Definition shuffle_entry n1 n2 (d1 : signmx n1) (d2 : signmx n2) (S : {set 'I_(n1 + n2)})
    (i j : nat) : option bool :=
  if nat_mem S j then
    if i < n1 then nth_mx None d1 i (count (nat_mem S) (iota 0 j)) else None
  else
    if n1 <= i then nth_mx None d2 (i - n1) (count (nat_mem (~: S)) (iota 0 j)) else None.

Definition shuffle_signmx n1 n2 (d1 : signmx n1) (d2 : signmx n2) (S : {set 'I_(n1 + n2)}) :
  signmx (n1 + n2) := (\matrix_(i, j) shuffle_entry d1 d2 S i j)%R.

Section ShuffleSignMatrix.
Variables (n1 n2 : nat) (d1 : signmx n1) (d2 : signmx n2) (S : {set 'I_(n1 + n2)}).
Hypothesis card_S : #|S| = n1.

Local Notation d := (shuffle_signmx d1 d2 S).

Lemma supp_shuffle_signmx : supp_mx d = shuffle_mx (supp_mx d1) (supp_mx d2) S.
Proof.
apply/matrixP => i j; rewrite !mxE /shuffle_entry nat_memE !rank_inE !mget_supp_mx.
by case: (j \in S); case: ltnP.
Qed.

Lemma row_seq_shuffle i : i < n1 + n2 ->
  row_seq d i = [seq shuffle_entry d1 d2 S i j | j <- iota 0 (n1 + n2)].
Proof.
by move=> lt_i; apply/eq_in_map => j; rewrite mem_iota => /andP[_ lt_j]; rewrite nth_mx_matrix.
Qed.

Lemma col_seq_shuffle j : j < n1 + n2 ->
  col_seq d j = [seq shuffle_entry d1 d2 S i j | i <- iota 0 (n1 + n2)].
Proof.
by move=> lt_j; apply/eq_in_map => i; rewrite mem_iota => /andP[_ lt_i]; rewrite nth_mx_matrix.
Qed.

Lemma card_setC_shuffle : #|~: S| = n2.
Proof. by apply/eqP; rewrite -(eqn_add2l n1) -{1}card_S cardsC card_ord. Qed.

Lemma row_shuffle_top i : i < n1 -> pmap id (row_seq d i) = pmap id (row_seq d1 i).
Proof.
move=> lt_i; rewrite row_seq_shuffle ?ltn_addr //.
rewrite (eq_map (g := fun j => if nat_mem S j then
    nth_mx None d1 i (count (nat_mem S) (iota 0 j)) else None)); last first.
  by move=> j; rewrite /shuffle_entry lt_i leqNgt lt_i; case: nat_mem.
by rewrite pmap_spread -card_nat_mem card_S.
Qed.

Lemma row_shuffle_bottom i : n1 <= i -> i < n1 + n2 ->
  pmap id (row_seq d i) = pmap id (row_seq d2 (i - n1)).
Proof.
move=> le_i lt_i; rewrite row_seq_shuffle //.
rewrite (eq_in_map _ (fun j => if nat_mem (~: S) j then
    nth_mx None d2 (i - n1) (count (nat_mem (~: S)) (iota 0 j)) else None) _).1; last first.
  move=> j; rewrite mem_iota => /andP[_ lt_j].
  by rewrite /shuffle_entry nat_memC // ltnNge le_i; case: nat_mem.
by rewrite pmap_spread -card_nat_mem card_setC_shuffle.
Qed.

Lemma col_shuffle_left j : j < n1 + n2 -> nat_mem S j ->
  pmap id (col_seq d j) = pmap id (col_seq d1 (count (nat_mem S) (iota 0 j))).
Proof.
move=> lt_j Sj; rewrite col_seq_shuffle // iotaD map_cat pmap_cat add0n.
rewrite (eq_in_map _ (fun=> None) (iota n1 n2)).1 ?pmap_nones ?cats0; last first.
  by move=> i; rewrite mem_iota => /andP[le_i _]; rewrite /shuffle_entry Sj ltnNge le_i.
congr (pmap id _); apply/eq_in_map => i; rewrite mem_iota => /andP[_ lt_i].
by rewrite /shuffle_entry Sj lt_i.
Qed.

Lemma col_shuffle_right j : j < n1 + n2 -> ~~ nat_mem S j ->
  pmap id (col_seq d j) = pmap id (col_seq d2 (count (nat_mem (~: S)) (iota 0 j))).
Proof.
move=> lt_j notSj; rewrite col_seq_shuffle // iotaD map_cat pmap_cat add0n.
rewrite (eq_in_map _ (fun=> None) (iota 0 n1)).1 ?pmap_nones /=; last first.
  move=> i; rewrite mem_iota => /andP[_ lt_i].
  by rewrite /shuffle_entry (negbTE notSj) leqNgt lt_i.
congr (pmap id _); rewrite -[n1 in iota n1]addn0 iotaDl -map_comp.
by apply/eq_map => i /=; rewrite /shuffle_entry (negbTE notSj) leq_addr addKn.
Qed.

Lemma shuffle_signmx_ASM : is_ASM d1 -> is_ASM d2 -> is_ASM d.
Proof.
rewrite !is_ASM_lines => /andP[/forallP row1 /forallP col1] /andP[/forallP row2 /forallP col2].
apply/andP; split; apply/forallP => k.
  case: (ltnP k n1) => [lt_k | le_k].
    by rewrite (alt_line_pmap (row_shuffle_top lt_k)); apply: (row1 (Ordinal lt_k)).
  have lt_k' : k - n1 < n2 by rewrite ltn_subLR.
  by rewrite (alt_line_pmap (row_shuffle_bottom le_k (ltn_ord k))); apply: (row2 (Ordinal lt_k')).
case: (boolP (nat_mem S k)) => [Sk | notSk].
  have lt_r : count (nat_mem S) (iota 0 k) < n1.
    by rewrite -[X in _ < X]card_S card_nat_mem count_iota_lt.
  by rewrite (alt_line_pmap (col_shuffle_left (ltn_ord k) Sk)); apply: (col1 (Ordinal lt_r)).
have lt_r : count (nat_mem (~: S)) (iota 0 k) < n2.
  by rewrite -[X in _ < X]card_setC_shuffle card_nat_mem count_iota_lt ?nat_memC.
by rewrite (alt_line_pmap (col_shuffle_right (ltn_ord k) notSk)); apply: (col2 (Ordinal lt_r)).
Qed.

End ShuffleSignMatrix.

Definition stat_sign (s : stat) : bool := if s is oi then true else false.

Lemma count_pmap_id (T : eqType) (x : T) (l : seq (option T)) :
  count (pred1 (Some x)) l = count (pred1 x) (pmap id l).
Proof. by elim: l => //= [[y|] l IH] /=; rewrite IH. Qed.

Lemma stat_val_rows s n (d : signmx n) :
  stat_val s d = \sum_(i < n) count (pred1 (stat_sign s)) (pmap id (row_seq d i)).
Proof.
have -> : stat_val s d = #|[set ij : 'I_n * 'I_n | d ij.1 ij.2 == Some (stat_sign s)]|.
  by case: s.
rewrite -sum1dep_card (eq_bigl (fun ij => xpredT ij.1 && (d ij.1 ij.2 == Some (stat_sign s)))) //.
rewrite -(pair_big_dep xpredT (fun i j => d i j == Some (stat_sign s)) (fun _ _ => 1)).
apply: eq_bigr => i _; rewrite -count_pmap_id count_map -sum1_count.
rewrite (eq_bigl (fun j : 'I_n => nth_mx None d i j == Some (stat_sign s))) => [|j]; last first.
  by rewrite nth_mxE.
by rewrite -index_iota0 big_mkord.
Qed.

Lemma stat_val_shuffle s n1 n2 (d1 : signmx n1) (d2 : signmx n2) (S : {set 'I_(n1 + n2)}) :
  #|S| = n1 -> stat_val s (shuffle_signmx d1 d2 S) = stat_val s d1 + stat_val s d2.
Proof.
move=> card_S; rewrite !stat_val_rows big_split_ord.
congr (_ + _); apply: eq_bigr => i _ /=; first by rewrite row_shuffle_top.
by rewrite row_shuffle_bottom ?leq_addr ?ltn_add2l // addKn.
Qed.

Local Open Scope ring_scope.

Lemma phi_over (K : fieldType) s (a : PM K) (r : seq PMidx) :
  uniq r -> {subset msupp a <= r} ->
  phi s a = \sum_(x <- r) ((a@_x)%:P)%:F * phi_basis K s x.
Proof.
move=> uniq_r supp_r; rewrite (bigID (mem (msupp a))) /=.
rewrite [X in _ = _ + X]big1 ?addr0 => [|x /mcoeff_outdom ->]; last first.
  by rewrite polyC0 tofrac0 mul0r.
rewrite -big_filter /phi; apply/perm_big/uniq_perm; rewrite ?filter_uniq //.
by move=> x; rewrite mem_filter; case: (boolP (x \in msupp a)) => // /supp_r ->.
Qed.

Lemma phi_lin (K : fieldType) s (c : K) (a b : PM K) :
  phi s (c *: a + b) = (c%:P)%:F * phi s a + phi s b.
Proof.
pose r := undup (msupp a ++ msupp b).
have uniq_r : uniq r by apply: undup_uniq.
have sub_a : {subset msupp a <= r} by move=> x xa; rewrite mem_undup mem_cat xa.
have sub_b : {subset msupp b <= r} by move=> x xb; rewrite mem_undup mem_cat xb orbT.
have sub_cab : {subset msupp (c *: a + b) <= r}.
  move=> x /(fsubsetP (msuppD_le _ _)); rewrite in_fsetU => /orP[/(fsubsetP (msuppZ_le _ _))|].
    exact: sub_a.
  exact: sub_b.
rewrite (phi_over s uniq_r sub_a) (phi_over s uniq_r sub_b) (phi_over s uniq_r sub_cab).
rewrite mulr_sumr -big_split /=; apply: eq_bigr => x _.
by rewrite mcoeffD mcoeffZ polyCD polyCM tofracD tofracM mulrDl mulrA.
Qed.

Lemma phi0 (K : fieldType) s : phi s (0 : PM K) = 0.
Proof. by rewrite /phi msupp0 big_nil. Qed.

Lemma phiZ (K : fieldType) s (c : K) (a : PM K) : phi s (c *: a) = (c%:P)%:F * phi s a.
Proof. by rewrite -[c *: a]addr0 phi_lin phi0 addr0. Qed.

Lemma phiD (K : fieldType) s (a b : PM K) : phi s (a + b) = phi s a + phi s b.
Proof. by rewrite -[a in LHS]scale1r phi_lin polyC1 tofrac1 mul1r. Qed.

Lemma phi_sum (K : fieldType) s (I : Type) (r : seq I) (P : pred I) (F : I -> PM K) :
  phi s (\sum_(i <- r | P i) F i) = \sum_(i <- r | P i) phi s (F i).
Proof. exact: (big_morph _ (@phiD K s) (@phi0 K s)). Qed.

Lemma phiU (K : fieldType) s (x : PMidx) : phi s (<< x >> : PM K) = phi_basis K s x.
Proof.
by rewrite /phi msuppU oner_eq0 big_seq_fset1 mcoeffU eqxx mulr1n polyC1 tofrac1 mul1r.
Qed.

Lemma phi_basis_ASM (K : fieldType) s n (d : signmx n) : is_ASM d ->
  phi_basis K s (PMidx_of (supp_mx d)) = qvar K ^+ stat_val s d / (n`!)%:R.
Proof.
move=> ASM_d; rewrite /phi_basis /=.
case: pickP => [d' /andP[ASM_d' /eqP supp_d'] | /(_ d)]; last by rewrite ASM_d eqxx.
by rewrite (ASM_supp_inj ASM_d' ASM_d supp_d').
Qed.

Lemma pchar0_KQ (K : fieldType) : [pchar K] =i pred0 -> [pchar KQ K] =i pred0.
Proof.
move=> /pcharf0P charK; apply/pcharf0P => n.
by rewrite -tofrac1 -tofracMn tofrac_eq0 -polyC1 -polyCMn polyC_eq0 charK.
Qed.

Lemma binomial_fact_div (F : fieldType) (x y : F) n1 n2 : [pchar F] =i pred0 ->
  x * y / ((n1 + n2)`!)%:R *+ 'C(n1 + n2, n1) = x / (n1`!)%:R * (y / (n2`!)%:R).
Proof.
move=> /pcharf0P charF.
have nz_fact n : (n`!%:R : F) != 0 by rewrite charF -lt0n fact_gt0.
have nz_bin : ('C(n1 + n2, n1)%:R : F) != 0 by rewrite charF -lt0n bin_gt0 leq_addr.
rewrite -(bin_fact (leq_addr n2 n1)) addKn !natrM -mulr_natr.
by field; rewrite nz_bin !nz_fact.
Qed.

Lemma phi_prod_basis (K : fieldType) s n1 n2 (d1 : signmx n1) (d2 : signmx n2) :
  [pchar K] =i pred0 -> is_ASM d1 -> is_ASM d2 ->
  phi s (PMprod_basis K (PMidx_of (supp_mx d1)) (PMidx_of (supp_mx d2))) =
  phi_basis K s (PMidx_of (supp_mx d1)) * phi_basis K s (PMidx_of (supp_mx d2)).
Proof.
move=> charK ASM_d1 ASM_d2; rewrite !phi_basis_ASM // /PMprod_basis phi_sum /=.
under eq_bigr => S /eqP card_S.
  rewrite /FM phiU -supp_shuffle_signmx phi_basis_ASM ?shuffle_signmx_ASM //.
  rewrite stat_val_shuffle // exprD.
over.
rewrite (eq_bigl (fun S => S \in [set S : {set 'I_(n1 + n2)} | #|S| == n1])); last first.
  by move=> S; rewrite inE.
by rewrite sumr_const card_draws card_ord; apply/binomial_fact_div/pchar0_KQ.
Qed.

+++++

**EXERCISE AIM**
Find the lines in the data that include "Some", then copy each of them.

**TASK ANSWER**
  count (pred1 (Some x)) l = count (pred1 x) (pmap id l).
have -> : stat_val s d = #|[set ij : 'I_n * 'I_n | d ij.1 ij.2 == Some (stat_sign s)]|.
rewrite -sum1dep_card (eq_bigl (fun ij => xpredT ij.1 && (d ij.1 ij.2 == Some (stat_sign s)))) //.
rewrite -(pair_big_dep xpredT (fun i j => d i j == Some (stat_sign s)) (fun _ _ => 1)).
rewrite (eq_bigl (fun j : 'I_n => nth_mx None d i j == Some (stat_sign s))) => [|j]; last first.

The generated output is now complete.